Friday, March 11, 2011

Snow is Relative

A close relative.


Living in Vermont there was only one day in four years that the medical school shut down...by 9:30 am the world looked like this...




and by the next morning you couldn't see the chain link fence at all and we could have climbed out of our windows into a snow drift. It was incredible!


Then we moved to Portland and after a couple of months of school I thought my first grade little Grace had missed the bus and drove her to school only to find the building dark and empty... the world looked like this...




and by 10:30 am it was all gone.

Anyway, it's all relative I guess.

One thing that I definitely wish I'd known sooner though was that the man responsible for the adage, "No two snowflakes are alike." was a living breathing Vermonter in the 1930's who spent years and years photographing snow crystals on a microscope and published in a paper with the National Weather Service his belief that there were never two alike.

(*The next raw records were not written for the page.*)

(* polynomials in A[x] (central x) as coefficient lists [a_0; a_1; ...];
   substitution f(r) = sum_k a_k (r^k) *)
Fixpoint peval_from (n : nat) (s : seq (CD n)) (k : nat) (x : CD n) : CD n :=
  match s with
  | [::] => cd_zero n
  | a :: s' => cd_add (cd_mul a (cd_pow x k)) (peval_from s' k.+1 x)
  end.

Definition peval (n : nat) (f : seq (CD n)) (x : CD n) : CD n :=
  peval_from f 0 x.

Definition polyI (n : nat) (I : CD n) (f : seq (CD n)) : seq (CD n) :=
  map (piI I) f.
Definition polyI_perp (n : nat) (I : CD n) (f : seq (CD n)) : seq (CD n) :=
  map (piI_perp I) f.

End CayleyDickson.

(* With tr I = 0 and n(I) = 1 one gets conj I = -I, I * I = -1 and {1, I}
   orthonormal, so C_I is a subalgebra stable under conjugation.  The
   Cayley--Dickson identity <x a, y> = <x, y conj a> then shows that right
   multiplication by an element of C_I maps C_I^perp into itself.  Hence for
   lam in C_I every term pi_I(a_k) lam^k of f_I(lam) lies in C_I and every term
   (a_k - pi_I(a_k)) lam^k of f_I^perp(lam) lies in C_I^perp.  Finally
   f(lam) = f_I(lam) + f_I^perp(lam), and C_I meets C_I^perp only in 0. *)

From HB Require Import structures.
From mathcomp Require Import all_boot all_order all_algebra.
From mathcomp Require Import boolp reals lra.
Import GRing.Theory Num.Theory.
Local Open Scope ring_scope.

Section CayleyDickson.
Set Implicit Arguments. Unset Strict Implicit.
Variable R : realType.
Implicit Types (n : nat) (r : R).

Lemma cd_addA n : associative (@cd_add R n).
Proof. by elim: n => [|n IH] x y z; rewrite /= ?addrA ?IH. Qed.

Lemma cd_addC n : commutative (@cd_add R n).
Proof. by elim: n => [|n IH] x y; [exact: addrC | rewrite /= IH (IH x.2)]. Qed.

Lemma cd_add0 n : left_id (cd_zero R n) (@cd_add R n).
Proof. by elim: n => [|n IH] x; rewrite /= ?add0r // !IH; case: x. Qed.

Lemma cd_addN n : left_inverse (cd_zero R n) (@cd_opp R n) (@cd_add R n).
Proof. by elim: n => [|n IH] x; rewrite /= ?addNr // !IH. Qed.

HB.instance Definition _ n := gen_eqMixin (CD R n).
HB.instance Definition _ n := gen_choiceMixin (CD R n).
HB.instance Definition _ n :=
  GRing.isZmodule.Build (CD R n) (@cd_addA n) (@cd_addC n) (@cd_add0 n) (@cd_addN n).

Lemma cd_scaleA n r s (x : CD R n) : cd_scale r (cd_scale s x) = cd_scale (r * s) x.
Proof. by elim: n x => [|n IH] x; rewrite /= ?mulrA ?IH. Qed.

Lemma cd_scale1 n (x : CD R n) : cd_scale 1 x = x.
Proof. by elim: n x => [|n IH] x; rewrite /= ?mul1r // !IH; case: x. Qed.

Lemma cd_scaleDr n r (x y : CD R n) :
  cd_scale r (cd_add x y) = cd_add (cd_scale r x) (cd_scale r y).
Proof. by elim: n x y => [|n IH] x y; rewrite /= ?mulrDr ?IH. Qed.

Lemma cd_scaleDl n (x : CD R n) r s :
  cd_scale (r + s) x = cd_add (cd_scale r x) (cd_scale s x).
Proof. by elim: n x => [|n IH] x; rewrite /= ?mulrDl ?IH. Qed.

HB.instance Definition _ n := GRing.Zmodule_isLmodule.Build R (CD R n)
  (@cd_scaleA n) (@cd_scale1 n) (@cd_scaleDr n) (@cd_scaleDl n).

(* Locked copies of conjugation, product and inner product: the pair equations
   below match [(_, _)] up to conversion and would otherwise unfold them. *)
Fact cj_key : unit. Proof. exact: tt. Qed.
Fact ml_key : unit. Proof. exact: tt. Qed.
Fact ip_key : unit. Proof. exact: tt. Qed.
Definition cj n := locked_with cj_key (@cd_conj R n).
Definition ml n := locked_with ml_key (@cd_mul R n).
Definition ip n := locked_with ip_key (@cd_ip R n).

Lemma cd_conjE n : @cd_conj R n = @cj n. Proof. by rewrite /cj unlock. Qed.
Lemma cd_mulE n : @cd_mul R n = @ml n. Proof. by rewrite /ml unlock. Qed.
Lemma cd_ipE n : @cd_ip R n = @ip n. Proof. by rewrite /ip unlock. Qed.

Lemma cj_real (x : CD R 0) : cj x = x. Proof. by rewrite -cd_conjE. Qed.
Lemma ml_real (x y : CD R 0) : ml x y = (x : R) * y. Proof. by rewrite -cd_mulE. Qed.
Lemma ip_real (x y : CD R 0) : ip x y = (x : R) * y. Proof. by rewrite -cd_ipE. Qed.

Section Pairs.
Variables (n : nat) (a b c d : CD R n).

Lemma pairD : ((a, b) : CD R n.+1) + (c, d) = (a + c, b + d). Proof. by []. Qed.
Lemma pairN : - ((a, b) : CD R n.+1) = (- a, - b). Proof. by []. Qed.
Lemma pairZ r : r *: ((a, b) : CD R n.+1) = (r *: a, r *: b). Proof. by []. Qed.
Lemma pair0 : (0 : CD R n.+1) = (0 : CD R n, 0 : CD R n). Proof. by []. Qed.
Lemma pair1 : cd_one R n.+1 = (cd_one R n, 0 : CD R n). Proof. by []. Qed.
Lemma cj_pair : cj ((a, b) : CD R n.+1) = (cj a, - b).
Proof. by rewrite -!cd_conjE. Qed.
Lemma ip_pair : ip ((a, b) : CD R n.+1) (c, d) = ip a c + ip b d.
Proof. by rewrite -!cd_ipE. Qed.
Lemma ml_pair : ml ((a, b) : CD R n.+1) (c, d) =
  (ml a c - ml (cj d) b, ml d a + ml b (cj c)).
Proof.
by rewrite -!cd_mulE -!cd_conjE [LHS]/= -[cd_scale _ _]/((-1) *: _) scaleN1r.
Qed.

End Pairs.

Definition pairE := (pairD, pairN, pairZ, pair0, pair1, cj_pair, ip_pair, ml_pair).

Lemma cjD n (x y : CD R n) : cj (x + y) = cj x + cj y.
Proof.
elim: n x y => [|n IH] => [x y | [a b] [c d]]; first by rewrite !cj_real.
by rewrite !pairE IH opprD.
Qed.

Lemma cjZ n r (x : CD R n) : cj (r *: x) = r *: cj x.
Proof.
elim: n x => [|n IH] => [x | [a b]]; first by rewrite !cj_real.
by rewrite !pairE IH scalerN.
Qed.

Lemma cjN n (x : CD R n) : cj (- x) = - cj x.
Proof. by rewrite -scaleN1r cjZ scaleN1r. Qed.

Lemma cj0 n : cj (0 : CD R n) = 0.
Proof. by rewrite -(scale0r (0 : CD R n)) cjZ !scale0r. Qed.

Lemma cj1 n : cj (cd_one R n) = cd_one R n.
Proof. by elim: n => [|n IH]; rewrite ?cj_real // !pairE IH oppr0. Qed.

Lemma cjK n : involutive (@cj n).
Proof.
elim: n => [|n IH] => [x | [a b]]; first by rewrite !cj_real.
by rewrite !pairE IH opprK.
Qed.

Lemma ml_additive n :
  (forall x y z : CD R n, ml (x + y) z = ml x z + ml y z) /\
  (forall x y z : CD R n, ml z (x + y) = ml z x + ml z y).
Proof.
elim: n => [|n [IHl IHr]]; first by split=> x y z; rewrite !ml_real ?mulrDl ?mulrDr.
split=> [[a b] [c d] [e f] | [a b] [c d] [e f]];
  by rewrite !pairE ?cjD !IHl !IHr opprD; congr pair; rewrite addrACA.
Qed.

Lemma ml_scalable n r :
  (forall x y : CD R n, ml (r *: x) y = r *: ml x y) /\
  (forall x y : CD R n, ml x (r *: y) = r *: ml x y).
Proof.
elim: n => [|n [IHl IHr]].
  by split=> x y; rewrite !ml_real; [exact: esym (mulrA _ _ _) | exact: mulrCA].
by split=> [[a b] [c d] | [a b] [c d]];
  rewrite !pairE ?cjZ !IHl !IHr scalerBr scalerDr.
Qed.

Section Bilinear.
Variables (n : nat) (x y z : CD R n).

Lemma mlDl : ml (x + y) z = ml x z + ml y z. Proof. exact: (ml_additive n).1. Qed.
Lemma mlDr : ml z (x + y) = ml z x + ml z y. Proof. exact: (ml_additive n).2. Qed.
Lemma mlZl r : ml (r *: x) y = r *: ml x y. Proof. exact: (ml_scalable n r).1. Qed.
Lemma mlZr r : ml x (r *: y) = r *: ml x y. Proof. exact: (ml_scalable n r).2. Qed.
End Bilinear.

Lemma mlNl n (x y : CD R n) : ml (- x) y = - ml x y.
Proof. by rewrite -scaleN1r mlZl scaleN1r. Qed.
Lemma mlNr n (x y : CD R n) : ml x (- y) = - ml x y.
Proof. by rewrite -scaleN1r mlZr scaleN1r. Qed.
Lemma ml0l n (x : CD R n) : ml 0 x = 0.
Proof. by rewrite -(scale0r (0 : CD R n)) mlZl !scale0r. Qed.
Lemma ml0r n (x : CD R n) : ml x 0 = 0.
Proof. by rewrite -(scale0r (0 : CD R n)) mlZr !scale0r. Qed.

Lemma ml1r n (x : CD R n) : ml x (cd_one R n) = x.
Proof.
elim: n x => [|n IH] => [x | [a b]]; first by rewrite ml_real mulr1.
by rewrite !pairE IH cj1 cj0 !ml0l subr0 add0r IH.
Qed.

Lemma ml1l n (x : CD R n) : ml (cd_one R n) x = x.
Proof.
elim: n x => [|n IH] => [x | [a b]]; first by rewrite ml_real mul1r.
by rewrite !pairE IH ml0r ml0l subr0 addr0 ml1r.
Qed.

Lemma cjM n (x y : CD R n) : cj (ml x y) = ml (cj y) (cj x).
Proof.
elim: n x y => [|n IH] => [x y | [a b] [c d]].
  by rewrite !cj_real !ml_real mulrC.
rewrite !pairE cjD cjN !IH !cjK cjN !mlNl !mlNr opprK opprD.
by congr pair; rewrite addrC.
Qed.

Lemma ipDl n (x y z : CD R n) : ip (x + y) z = ip x z + ip y z.
Proof.
elim: n x y z => [|n IH] => [x y z | [a b] [c d] [e f]].
  by rewrite !ip_real mulrDl.
by rewrite !pairE !IH addrACA.
Qed.

Lemma ipZl n r (x y : CD R n) : ip (r *: x) y = r * ip x y.
Proof.
elim: n x y => [|n IH] => [x y | [a b] [c d]].
  by rewrite !ip_real; exact: esym (mulrA _ _ _).
by rewrite !pairE !IH mulrDr.
Qed.

Lemma ipC n (x y : CD R n) : ip x y = ip y x.
Proof.
elim: n x y => [|n IH] => [x y | [a b] [c d]]; first by rewrite !ip_real mulrC.
by rewrite !pairE (IH a) (IH b).
Qed.

Lemma ipDr n (x y z : CD R n) : ip z (x + y) = ip z x + ip z y.
Proof. by rewrite ipC ipDl !(ipC z). Qed.

Lemma ipZr n r (x y : CD R n) : ip x (r *: y) = r * ip x y.
Proof. by rewrite ipC ipZl ipC. Qed.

Here's the man himself, nicknamed, "Snowflake" Bentley and here are a few of his crystal pictures. Beautiful! Always six-sided and always different.



Monday, March 7, 2011

ALWAYS put the markers away


We have had very few incidents of crayons on the walls or pen on the furniture. The secret? Keep all the writing utinsels separated and in one place at all times. It's worth the grumbling from Chris when he can't find a pen while he's on the phone to avoid fiascos like this one with five year old Will. Obviously though, even the best laid plans go awry at times. For his face he had to suffer through a homemade facial. For furniture I like to use Mr. Clean's magic eraser (that thing is a miracle worker.)

Thursday, March 3, 2011

bath time



the total and utter catastrophe of the toddler to popsicle scenario modified here into a bath-extending, photo-opting, money-saving and childhood-memory building tradition. my boys, who largely hate taking baths as many boys do, jump at the chance to have their hair washed because they know there's some cherry goodness involved. and what better way to teach a one year old the finer points of summer refreshment than to practice all winter long in the privacy of the tub? after a few popsicle sticks have built up my engineer of a four year old sticks them to the walls of the bath with bar soap. he once drafted the outline of St. Paul's Cathedral. i'm kidding.